Сын первого в Дагестане фотокорреспондента Амина Чутуева и не думал, что достигнет таких высот. Более полувека назад, будучи мальчишкой, он взял в руки фотоаппарат и уже не расставался с ним. Но прежде чем стать самым известным фотографом в Дагестане, сельскому мальчику, у которого было только школьное образование, пришлось многому учиться самому.
– Я же не думал быть фотокорреспондентом. А когда стал работать, мне это все понравилось, втянулся в работу, она оказалась чрезвычайно интересной. И я начал выписывать всевозможные журналы по фотографии, книги по искусству: чехословацкий журнал по фотографии, немецкий «Magazine», «Советское фото». Был на нескольких семинарах для периферийных фотожурналистов. Эти семинары организовывал Союз журналистов СССР. Там выступали выдающиеся фотографы, фоторепортеры и химики. Это тоже мне очень многое дало. В те времена в центральных газетах «Известия» и «Правда» еще публиковались фотографии, выдержанные в композиции, в свете. И глядя на все это, я учился.

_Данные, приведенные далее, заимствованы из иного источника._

(* Up to the symmetries of C, every boost weight 0 component is an entry of [block_n]
   or of [block0]. *)
Lemma bw0_eq0_of_blocks : block_n = 0 -> block0 = 0 ->
  forall a b c d, bw a b c d = 0 -> C a b c d = 0.
Proof.
move=> /matrixP N0 /matrixP B0.
have bN i j : C fl (sp i) fn (sp j) = 0 by have := N0 i j; rewrite !mxE.
have b0 k l : C (raise (bw0_fst k)) (raise (bw0_snd k)) (bw0_fst l) (bw0_snd l) = 0.
  by have := B0 k l; rewrite !mxE.
have vanishL a b c d : C b a c d = 0 -> C a b c d = 0 by move=> Cz; rewrite antiC Cz oppr0.
have vanishR a b c d : C a b d c = 0 -> C a b c d = 0 by move=> Cz; rewrite antiC' Cz oppr0.
have vanishS a b c d : C c d a b = 0 -> C a b c d = 0 by move=> Cz; rewrite symC Cz.
move=> a b c d bw0.
move: (b0 p01 p01) (b0 p01 p34) (b0 p01 p35) (b0 p01 p45)
  (b0 p34 p01) (b0 p34 p34) (b0 p34 p35) (b0 p34 p45)
  (b0 p35 p01) (b0 p35 p34) (b0 p35 p35) (b0 p35 p45)
  (b0 p45 p01) (b0 p45 p34) (b0 p45 p35) (b0 p45 p45); rewrite /= => *.
move: bw0 => /eqP.
case: (ord5P a) => [|[|[|[|]]]] ->; case: (ord5P b) => [|[|[|[|]]]] ->;
case: (ord5P c) => [|[|[|[|]]]] ->; case: (ord5P d) => [|[|[|[|]]]] -> //= _;
rewrite ?weyl_diag ?weyl_diag' //;
solve [ (idtac + apply: vanishS); (idtac + apply: vanishL); (idtac + apply: vanishR);
        (assumption + exact: bN) ].
Qed.

Lemma block_l_tr : block_l = block_n^T.
Proof. by apply/matrixP => i j; rewrite !mxE; case: weylC => _ _ ->. Qed.

Lemma weyl_nilpotentE : weyl_nilpotent C <-> block_n ^+ 3 = 0 /\ block0 ^+ 4 = 0.
Proof.
split=> [|[nilN nil0]]; first exact: blocks_nilpotent_of_weyl.
by apply: weyl_nilpotent_of_blocks; rewrite // block_l_tr -trmxX nilN trmx0.
Qed.

End WeylOperator.

Section NilConditions.
Context {R : realFieldType}.
Implicit Types h q : 'I_3 -> R.

Definition nil_conditions h q : Prop :=
  [/\ \sum_i h i = 0, \prod_i h i = 0, \sum_i h i * q i = 0,
      2 * \sum_i q i = \sum_i h i ^+ 2 & \sum_i q i * h i ^+ 2 = (\sum_i q i) ^+ 2].

Definition nil_normal_form h q : Prop :=
  h m4 = 0 /\ h m3 = - h m5 /\ h m5 != 0 /\
  2 * q m3 = h m5 ^+ 2 /\ 2 * q m5 = h m5 ^+ 2 /\ q m4 = 0.

Lemma nil_conditions_perm (s : 'S_3) h q :
  nil_conditions (h \o s) (q \o s) <-> nil_conditions h q.
Proof.
have re (F : 'I_3 -> R) : \sum_i F (s i) = \sum_i F i.
  by rewrite [RHS](reindex_inj (@perm_inj _ s)).
have rp (F : 'I_3 -> R) : \prod_i F (s i) = \prod_i F i.
  by rewrite [RHS](reindex_inj (@perm_inj _ s)).
rewrite /nil_conditions /=.
rewrite (re h) (rp h) (re (fun i => h i * q i)) (re q) (re (fun i => h i ^+ 2)).
by rewrite (re (fun i => q i * h i ^+ 2)).
Qed.

Lemma nil_conditions_of_normal_form h q : nil_normal_form h q -> nil_conditions h q.
Proof.
case=> h4 [h3 [_ [q3 [q5 q4]]]].
rewrite /nil_conditions !sum_ord3 prod_ord3 h4 h3 q4.
have q35 : q m3 = q m5 by lra.
by rewrite q35; split; rewrite ?sqrrN -?q5; ring.
Qed.

Lemma normal_form_of_nil_conditions h q :
  (forall i, 0 <= q i) -> (exists i, h i != 0 \/ q i != 0) ->
  h m4 = 0 -> nil_conditions h q -> nil_normal_form h q.
Proof.
move=> q_ge0 [i nz_i] h4; rewrite /nil_conditions !sum_ord3 prod_ord3 h4.
case=> sum_h _ sum_hq sum_q sum_qh2.
have h3 : h m3 = - h m5 by lra.
rewrite h3 in sum_hq sum_q sum_qh2.
have h5 : h m5 != 0.
  apply/negP => /eqP h5; move: nz_i; rewrite h5 oppr0 expr0n /= in h3 sum_q.
  have := q_ge0 m3; have := q_ge0 m4; have := q_ge0 m5.
  by case: (ord3P i) => -> q5 q4 q3 [/eqP|/eqP]; rewrite ?h3 ?h4 ?h5; lra.
have q35 : q m3 = q m5 by apply: (mulfI h5); lra.
have : h m5 ^+ 2 * (2 * q m5 - h m5 ^+ 2) = 0.
  by move: sum_q sum_qh2; rewrite q35 sqrrN; nra.
move/eqP; rewrite mulf_eq0 sqrf_eq0 (negbTE h5) subr_eq0 /= => /eqP q5.
by do !split => //; lra.
Qed.

Lemma nil_conditions_char_coefs h q : h m3 + h m4 + h m5 = 0 ->
  [/\ h m3 * h m4 + h m3 * h m5 + h m4 * h m5 + (q m3 + q m4 + q m5) = 0,
      h m3 * h m4 * h m5 + (h m3 * q m3 + h m4 * q m4 + h m5 * q m5) = 0,
      - (h m3 * h m4 * h m5) + (h m3 * q m3 + h m4 * q m4 + h m5 * q m5) = 0 &
      q m3 * h m4 * h m5 + q m4 * h m3 * h m5 + q m5 * h m3 * h m4 = 0]
  <-> nil_conditions h q.
Proof.
move=> sum_h; rewrite /nil_conditions !sum_ord3 prod_ord3.
have h5E : h m5 = - (h m3 + h m4) by lra.
set e2 := h m3 * h m4 + h m3 * h m5 + h m4 * h m5.
set sq := q m3 + q m4 + q m5.
(* As the h's sum to zero, h_j h_k = e2 + h_i^2 for {i, j, k} = {3, 4, 5}. *)
have sum_h2 : h m3 ^+ 2 + h m4 ^+ 2 + h m5 ^+ 2 = - 2 * e2 by rewrite /e2 h5E; ring.
have e4E : q m3 * h m4 * h m5 + q m4 * h m3 * h m5 + q m5 * h m3 * h m4 =
    e2 * sq + (q m3 * h m3 ^+ 2 + q m4 * h m4 ^+ 2 + q m5 * h m5 ^+ 2).
  by rewrite /e2 /sq h5E; ring.
rewrite e4E sum_h2; split=> [[c2 c3 c3' c4] | [_ c3 chq c2 c4]].
  have e2E : e2 = - sq by lra.
  by rewrite e2E in c4; split; nra.
have e2E : e2 = - sq by lra.
by rewrite e2E; split; nra.
Qed.

Lemma nil_conditionsP h q :
  (forall i, 0 <= q i) -> (exists i, h i != 0 \/ q i != 0) ->
  nil_conditions h q <-> exists s : 'S_3, nil_normal_form (h \o s) (q \o s).
Proof.
move=> q_ge0 [j nz_j]; split=> [nilc | [s /nil_conditions_of_normal_form]]; last first.
  by move/nil_conditions_perm.
have /eqP/prodf_eq0[i _ /eqP hi] : \prod_i h i = 0 by case: nilc.
exists (tperm m4 i); apply: normal_form_of_nil_conditions.
- by move=> k; apply: q_ge0.
- by exists (tperm m4 i j); rewrite /= tpermK.
- by rewrite /= tpermL.
- exact/(nil_conditions_perm (tperm m4 i)).
Qed.

End NilConditions.

Lemma RiE (R : realType) (C : tensor4 R) i : Ri C i = Hm C i i.
Proof. by rewrite /Ri /Sm eqxx mulr1 subrK. Qed.

Lemma wvE {R : realType} (C : tensor4 R) :
  (forall a b c d, C a b c d = - C a b d c) ->
  [/\ wv C m3 = C fl fn (sp m4) (sp m5), wv C m4 = C fl fn (sp m5) (sp m3)
     & wv C m5 = C fl fn (sp m3) (sp m4)].
Proof.
move=> antiC'; rewrite /wv !sum_ord3 /eps /= (antiC' fl fn (sp m5) (sp m4)).
by rewrite (antiC' fl fn (sp m3) (sp m5)) (antiC' fl fn (sp m4) (sp m3)); split; field.
Qed.

Section FrameComponents.
Context {R : realType} (C : tensor4 R).
Hypothesis weylC : is_weyl C.

Let antiC a b c d : C a b c d = - C b a c d. Proof. by case: weylC. Qed.
Let antiC' a b c d : C a b c d = - C a b d c. Proof. by case: weylC. Qed.
Let symC a b c d : C a b c d = C c d a b. Proof. by case: weylC. Qed.
Let bianchiC a b c d : C a b c d + C a c d b + C a d b c = 0. Proof. by case: weylC. Qed.

Lemma traceless_frame b d :
  C fl b fn d + C fn b fl d + C (sp m3) b (sp m3) d + C (sp m4) b (sp m4) d
  + C (sp m5) b (sp m5) d = 0.
Proof.
case: weylC => _ _ _ _ /(_ b d).
by under eq_bigr => a _ do rewrite (sum_eta a (fun c => C a b c d)); rewrite sum_ord5.
Qed.

Lemma HmE i j :
  Hm C i j = C (sp m3) (sp i) (sp m3) (sp j) + C (sp m4) (sp i) (sp m4) (sp j)
           + C (sp m5) (sp i) (sp m5) (sp j).
Proof. by rewrite /Hm sum_ord3. Qed.

(* The trace condition and the Bianchi identity split C_{l i n j} into its symmetric
   part -H_ij / 2 and its antisymmetric part C_{l n i j} / 2. *)
Lemma block_nE i j : block_n C i j = (- Hm C i j + C fl fn (sp i) (sp j)) / 2.
Proof.
have := traceless_frame (sp i) (sp j); have := bianchiC fl fn (sp i) (sp j).
rewrite mxE HmE (antiC' fl (sp i) (sp j) fn) (symC fn (sp i) fl (sp j)).
by move=> *; lra.
Qed.

Hypothesis Sdiag : forall i j, i != j -> Sm C i j = 0.

Local Notation h := (Ri C).
Local Notation w := (wv C).

Let Hm_offdiag i j : i != j -> Hm C i j = 0.
Proof. by move=> ij; have := Sdiag _ _ ij; rewrite /Sm (negbTE ij) mulr0 subr0. Qed.

Let C_lnE :
  [/\ C fl fn (sp m5) (sp m4) = - w m3, C fl fn (sp m3) (sp m5) = - w m4
     & C fl fn (sp m4) (sp m3) = - w m5].
Proof.
case: (wvE _ antiC') => -> -> ->.
by rewrite (antiC' _ _ (sp m5)) (antiC' _ _ (sp m3) (sp m5)) (antiC' _ _ (sp m4) (sp m3)).
Qed.

Lemma block_n_char_coefs :
  [/\ \tr (block_n C) = - (h m3 + h m4 + h m5) / 2,
      e2_mx3 (block_n C) =
        (h m3 * h m4 + h m3 * h m5 + h m4 * h m5 + (w m3 ^+ 2 + w m4 ^+ 2 + w m5 ^+ 2)) / 4
    & e3_mx3 (block_n C) =
        - (h m3 * h m4 * h m5 + (h m3 * w m3 ^+ 2 + h m4 * w m4 ^+ 2 + h m5 * w m5 ^+ 2)) / 8].
Proof.
rewrite /mxtrace sum_ord3 /e2_mx3 /e3_mx3 /minor3 /minor2 !block_nE !weyl_diag' //.
rewrite (Hm_offdiag m3 m4) // (Hm_offdiag m3 m5) //.
rewrite (Hm_offdiag m4 m5) // (Hm_offdiag m4 m3) //.
rewrite (Hm_offdiag m5 m3) // (Hm_offdiag m5 m4) // -!RiE.
case: C_lnE => -> -> ->; case: (wvE _ antiC') => <- <- <-.
by split; field.
Qed.

Let block0_entries : h m3 + h m4 + h m5 = 0 ->
  let B := block0 C in
  [/\ [/\ B p01 p01 = 0, B p01 p34 = - w m5, B p01 p35 = w m4 & B p01 p45 = - w m3],
      [/\ B p34 p01 = w m5, B p34 p34 = - h m5, B p34 p35 = 0 & B p34 p45 = 0],
      [/\ B p35 p01 = - w m4, B p35 p34 = 0, B p35 p35 = - h m4 & B p35 p45 = 0] &
      [/\ B p45 p01 = w m3, B p45 p34 = 0, B p45 p35 = 0 & B p45 p45 = - h m3]].
Proof.
move=> sum_h B; rewrite /B /block0 !mxE.
case: bw0_fstE => -> -> -> ->; case: bw0_sndE => -> -> -> ->.
rewrite raise_fl raise_fn !raise_sp.
have diagN i : C (sp i) fl (sp i) fn = - h i / 2.
  by have := block_nE i i; rewrite mxE weyl_diag' // -RiE antiC antiC' opprK => ->; field.
have := traceless_frame fl fn; rewrite weyl_diag // !diagN => ln.
have sw a b c d : C b a d c = C a b c d by rewrite antiC antiC' opprK.
have := HmE m3 m3; have := HmE m4 m4; have := HmE m5 m5.
have := HmE m3 m4; have := HmE m3 m5; have := HmE m4 m5.
rewrite !(Hm_offdiag m3 m4) // !(Hm_offdiag m3 m5) // !(Hm_offdiag m4 m5) // -!RiE.
rewrite !weyl_diag // !weyl_diag' // (sw (sp m3) (sp m4) (sp m3) (sp m4)).
rewrite (sw (sp m3) (sp m5) (sp m3) (sp m5)) (sw (sp m4) (sp m5) (sp m4) (sp m5)).
rewrite (antiC fn fl (sp m3) (sp m4)) (antiC fn fl (sp m3) (sp m5)).
rewrite (antiC fn fl (sp m4) (sp m5)).
rewrite !(symC (sp _) (sp _) fl fn).
case: C_lnE => _ -> _; case: (wvE _ antiC') => <- _ <-.
rewrite (symC (sp m3) (sp m5) (sp m3) (sp m4)) (symC (sp m4) (sp m5) (sp m3) (sp m4)).
rewrite (symC (sp m4) (sp m5) (sp m3) (sp m5)) (antiC (sp m3) (sp m4) (sp m4) (sp m5)).
rewrite (sw (sp m5) (sp m3) (sp m5) (sp m4)).
move=> H45 H35 H34 H55 H44 H33.
by do !split; lra.
Qed.

Lemma block0_char_coefs : h m3 + h m4 + h m5 = 0 ->
  [/\ \tr (block0 C) = 0,
      e2_mx4 (block0 C) =
        h m3 * h m4 + h m3 * h m5 + h m4 * h m5 + (w m3 ^+ 2 + w m4 ^+ 2 + w m5 ^+ 2),
      e3_mx4 (block0 C) =
        - (h m3 * h m4 * h m5) + (h m3 * w m3 ^+ 2 + h m4 * w m4 ^+ 2 + h m5 * w m5 ^+ 2) &
      e4_mx4 (block0 C) =
        w m3 ^+ 2 * h m4 * h m5 + w m4 ^+ 2 * h m3 * h m5 + w m5 ^+ 2 * h m3 * h m4].
Proof.
move=> sum_h; rewrite /mxtrace sum_ord4 /e2_mx4 /e3_mx4 /e4_mx4 /minor3 /minor2.
have [[-> -> -> ->] [-> -> -> ->] [-> -> -> ->] [-> -> -> ->]] := block0_entries sum_h.
have -> : h m5 = - (h m3 + h m4) by lra.
by split; ring.
Qed.

Lemma blocks_nilpotentE :
  block_n C ^+ 3 = 0 /\ block0 C ^+ 4 = 0 <-> nil_conditions h (fun i => w i ^+ 2).
Proof.
case: block_n_char_coefs => trN e2N e3N.
split=> [[/mx3_nilpotentP[trN0 e2N0 e3N0] /mx4_nilpotentP[_ e20 e30 e40]] | nilc].
  have sum_h : h m3 + h m4 + h m5 = 0 by move: trN0; rewrite trN; lra.
  case: (block0_char_coefs sum_h) => _ e2E e3E e4E.
  apply/(nil_conditions_char_coefs _ _ sum_h) => /=.
  by move: e2N0 e3N0 e30 e40; rewrite e2N e3N e3E e4E; split; lra.
have sum_h : h m3 + h m4 + h m5 = 0 by case: nilc; rewrite sum_ord3.
have [c2 c3 c3' c4] := (nil_conditions_char_coefs _ _ sum_h).2 nilc.
case: (block0_char_coefs sum_h) => tr0 e2E e3E e4E.
split; [apply/mx3_nilpotentP | apply/mx4_nilpotentP].
  by rewrite trN e2N e3N; split; lra.
by rewrite tr0 e2E e3E e4E; split; lra.
Qed.

Lemma blocks_eq0 : (forall i, h i = 0 /\ w i = 0) -> block_n C = 0 /\ block0 C = 0.
Proof.
move=> data0; have h0 i := (data0 i).1; have w0 i := (data0 i).2.
have sum_h : h m3 + h m4 + h m5 = 0 by rewrite !h0; lra.
split; apply/matrixP => i j; rewrite [RHS]mxE.
  rewrite block_nE; case: (eqVneq i j) => [<- | ij].
    by rewrite -RiE h0 weyl_diag' // oppr0 add0r mul0r.
  rewrite Hm_offdiag // oppr0 add0r.
  case: (wvE _ antiC'); rewrite !w0 => /esym l45 /esym l53 /esym l34.
  case: C_lnE; rewrite !w0 oppr0 => l54 l35 l43.
  by case: (ord3P i) ij => ->; case: (ord3P j) => -> //= _;
    rewrite ?l45 ?l53 ?l34 ?l54 ?l35 ?l43 mul0r.
have [[b1 b2 b3 b4] [b5 b6 b7 b8] [b9 b10 b11 b12] [b13 b14 b15 b16]] :=
  block0_entries sum_h.
by case: (ord4P i) => ->; case: (ord4P j) => ->; rewrite
  ?(b1, b2, b3, b4, b5, b6, b7, b8, b9, b10, b11, b12, b13, b14, b15, b16) ?h0 ?w0 ?oppr0.
Qed.

Lemma typeII_data_nonzero : typeII_frame C -> exists i, h i != 0 \/ w i ^+ 2 != 0.
Proof.
case=> _ [a [b [c [d [bw0 Cnz]]]]].
suff : [exists i, (h i != 0) || (w i ^+ 2 != 0)] by case/existsP => i /orP; exists i.
apply: contraTT Cnz => /existsPn data0; rewrite negbK; apply/eqP.
have [N0 B0] : block_n C = 0 /\ block0 C = 0.
  apply: blocks_eq0 => i; have := data0 i.
  by rewrite negb_or !negbK sqrf_eq0 => /andP[/eqP-> /eqP->].
exact: bw0_eq0_of_blocks N0 B0 _ _ _ _ bw0.
Qed.

End FrameComponents.

Lemma permFrame_sp (s : 'S_3) i : permFrame s (sp i) = sp (s i).
Proof.
by rewrite /permFrame /=; congr (sp (s _)); apply/val_inj; rewrite /= subn2 /= inordK.
Qed.

Section PermutedFrame.
Context {R : realType} (C : tensor4 R) (s : 'S_3).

– Вы считаете себя трудягой?
– Не совсем. Я немножко лентяй. Когда я только начал работать фотокорреспондентом, редактор одной газеты, выходящей на даргинском языке, Ибрагим Багомаев всегда ругал меня, что я ленюсь, что я могу больше снимать, больше зарабатывать, а я этого не делаю. Это мне запомнилось.
– Расскажите какой-нибудь интересный случай, произошедший с вами в начале вашего творческого пути.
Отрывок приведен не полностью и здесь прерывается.